Comparative Example 1
A carbon fiber consisting of 10 layers of carbon fiber woven fabric (BT70-20 manufactured by Toray Industries, Inc.) measuring 12 cm in length and 12 cm in width was placed on a metal plate, and the periphery of the carbon fiber was sealed with a film and a sealant to prevent leakage of the base material. Then, an epoxy resin base material (jER806 manufactured by Mitsubishi Chemical Corporation) and a hardener (1,3-BAC manufactured by Mitsubishi Gas Chemical Co., Ltd.) were mixed in a mass ratio of 100:21, and the mixed resin was injected into the carbon fiber by the VaRTM method. After the injection, the mixture was cured at room temperature, and further heated and cured at 150°C for 60 minutes to obtain a carbon fiber reinforced plastic plate having a thickness of 2 mm and a Vf of 57% by volume. No carbon fiber nonwoven fabric was used.

Comparative Example 2
In a mold (inner dimensions: 15 x 15 x 1 cm), four layers of carbon fiber nonwoven fabric sheets (CFZ-1000SD manufactured by Nippon Polymer Sangyo Co., Ltd.) manufactured by the needle punch method were placed. Here, the carbon fiber nonwoven fabric sheets of each layer were laminated with the orientation direction of the carbon fibers aligned in the same direction. Then, an epoxy resin base material (jER806 manufactured by Mitsubishi Chemical Corporation) and a curing agent (4,4'-methylenebis(2-methylcyclohexylamine) manufactured by Tokyo Kasei Kogyo Co., Ltd.) were mixed in a mass ratio of 100:36, and the mixed resin was injected under pressure at a pressure of 0.5 MPa into a mold that had been heated to 100 ° C and sealed. After the mixed resin was injected, it was heated and cured at 100 ° C for 20 minutes to obtain a carbon fiber reinforced plastic plate with a thickness of 10 mm and a Vf of 21%. Note that no carbon fiber woven fabric was used.

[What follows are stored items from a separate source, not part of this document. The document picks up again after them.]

(* Let $M$ be a model of a complete affine theory $T$ and let $f:M\to M$ be a definable function. Then there exists a type $p(x)\in S_1(T)$ which is $f$-invariant, i.e. $p(\phi(x))=p(\phi(f(x)))$ for every affine formula $\phi(x)$. In particular, if $M$ is $\aleph_0$-saturated then there exists $c\in M$ with $tp(c)=tp(f(c))$.
   Context: Affine continuous logic: $L$-structures are complete metric spaces $(M,d)$ with $d\le1$ and Lipschitz interpretations of function symbols and $[0,1]$-valued relation symbols. Affine formulas are built from $1$ and atomic formulas (including $d$) using only $r\cdot\phi$ ($r\in\mathbb R$), $\phi+\psi$, $\inf_x$, $\sup_x$. $T$ is complete: for each sentence $\phi$ there is a unique $r$ with $T\models\phi=r$. A predicate $P:M^n\to\mathbb R$ is definable (without parameters) if it is a uniform limit of $\phi_k^M$ for affine formulas $\phi_k$; the same sequence defines it in all models of $T$. A function $f:M\to M$ is definable if $(x,y)\mapsto d(f(x),y)$ is a definable predicate; then for every formula $\phi(x)$, $x\mapsto\phi(f(x))$ is a definable predicate. A $1$-type of $T$ is a maximal set of conditions in one variable satisfiable with $T$, identified with a positive linear functional $\phi\mapsto p(\phi)$ on formulas with $p(1)=1$, extended to definable predicates by $p(P)=\lim_kp(\phi_k)$ when $\phi_k\to P$ uniformly. $S_1(T)$ is the set of $1$-types. $tp(c)$ is the type $\phi\mapsto\phi^M(c)$. $M$ is $\aleph_0$-saturated if every type over a finite subset of $M$ is realized in $M$. *)

From mathcomp Require Import all_boot all_order all_algebra.
From mathcomp Require Import all_classical all_reals.
Set Implicit Arguments.
Unset Strict Implicit.
Unset Printing Implicit Defensive.
Import Order.TTheory GRing.Theory Num.Theory.
Local Open Scope ring_scope.
Local Open Scope classical_set_scope.

Record language := Language {
  funs : Type;
  fun_ar : funs -> nat;
  rels : Type;
  rel_ar : rels -> nat }.

Section AffineLogic.
Variable R : realType.
Variable L : language.

Definition tuple_dist (M : Type) (d : M -> M -> R) n (a b : 'I_n -> M) : R :=
  \big[Num.max/0]_(i < n) d (a i) (b i).

Record structure := Structure {
  carrier :> Type;
  point : carrier;                              (* nonempty *)
  dist : carrier -> carrier -> R;
  dist_ge0 : forall x y, 0 <= dist x y;
  dist_le1 : forall x y, dist x y <= 1;
  dist_xx : forall x, dist x x = 0;
  dist_eq0 : forall x y, dist x y = 0 -> x = y;
  dist_sym : forall x y, dist x y = dist y x;
  dist_tri : forall x y z, dist x z <= dist x y + dist y z;
  dist_complete : forall u : nat -> carrier,
      (forall e : R, 0 < e -> exists N, forall m n, (N <= m)%N -> (N <= n)%N ->
          dist (u m) (u n) < e) ->
      exists l, forall e : R, 0 < e -> exists N, forall n, (N <= n)%N ->
          dist (u n) l < e;
  fun_int : forall f : funs L, ('I_(fun_ar f) -> carrier) -> carrier;
  rel_int : forall P : rels L, ('I_(rel_ar P) -> carrier) -> R;
  fun_lip : forall f : funs L, exists K : R, forall a b,
      dist (@fun_int f a) (@fun_int f b) <= K * tuple_dist dist a b;
  rel_range : forall (P : rels L) a, 0 <= @rel_int P a <= 1;
  rel_lip : forall P : rels L, exists K : R, forall a b,
      `|@rel_int P a - @rel_int P b| <= K * tuple_dist dist a b }.

Arguments fun_int {s} f _.
Arguments rel_int {s} P _.

Inductive aterm :=
  | Tvar : nat -> aterm
  | Tapp : forall f : funs L, ('I_(fun_ar f) -> aterm) -> aterm.

Inductive aformula :=
  | Fone : aformula
  | Fdist : aterm -> aterm -> aformula
  | Frel : forall P : rels L, ('I_(rel_ar P) -> aterm) -> aformula
  | Fscale : R -> aformula -> aformula
  | Fadd : aformula -> aformula -> aformula
  | Finf : aformula -> aformula          (* inf over variable 0 *)
  | Fsup : aformula -> aformula.         (* sup over variable 0 *)

Fixpoint tfv (n : nat) (t : aterm) : Prop :=
  match t with
  | Tvar k => (k < n)%N
  | Tapp f args => forall i, tfv n (args i)
  end.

[Evaluation of flatness after milling]
<Milling processing>
Three carbon fiber reinforced plastic plates manufactured according to Example 1, Example 2, Comparative Example 1, and Comparative Example 2 were used, and milling was performed to grind the surface by 0.5 mm under the following conditions.

(Milling conditions)
Equipment: Screw-on type general-purpose face milling cutter (manufactured by Mitsubishi Materials)
Cutter model: ASX44R10005D
Insert: SEGT13T3AGFN-JP HTi10
Rotation speed: S=615min ^-1 (V=193m/min)
Feed speed: F=369mm/min

After milling, the flatness of the surfaces of the carbon fiber reinforced plastic plates of Example 1, Example 2, Comparative Example 1, and Comparative Example 2 (the degree of deviation of the planar shape from a geometrically correct plane) was measured using a three-dimensional precision measuring machine (ZEISS, model number: UPMC850). The average flatness of the three carbon fiber reinforced plastic plates of each example is shown in Table 1.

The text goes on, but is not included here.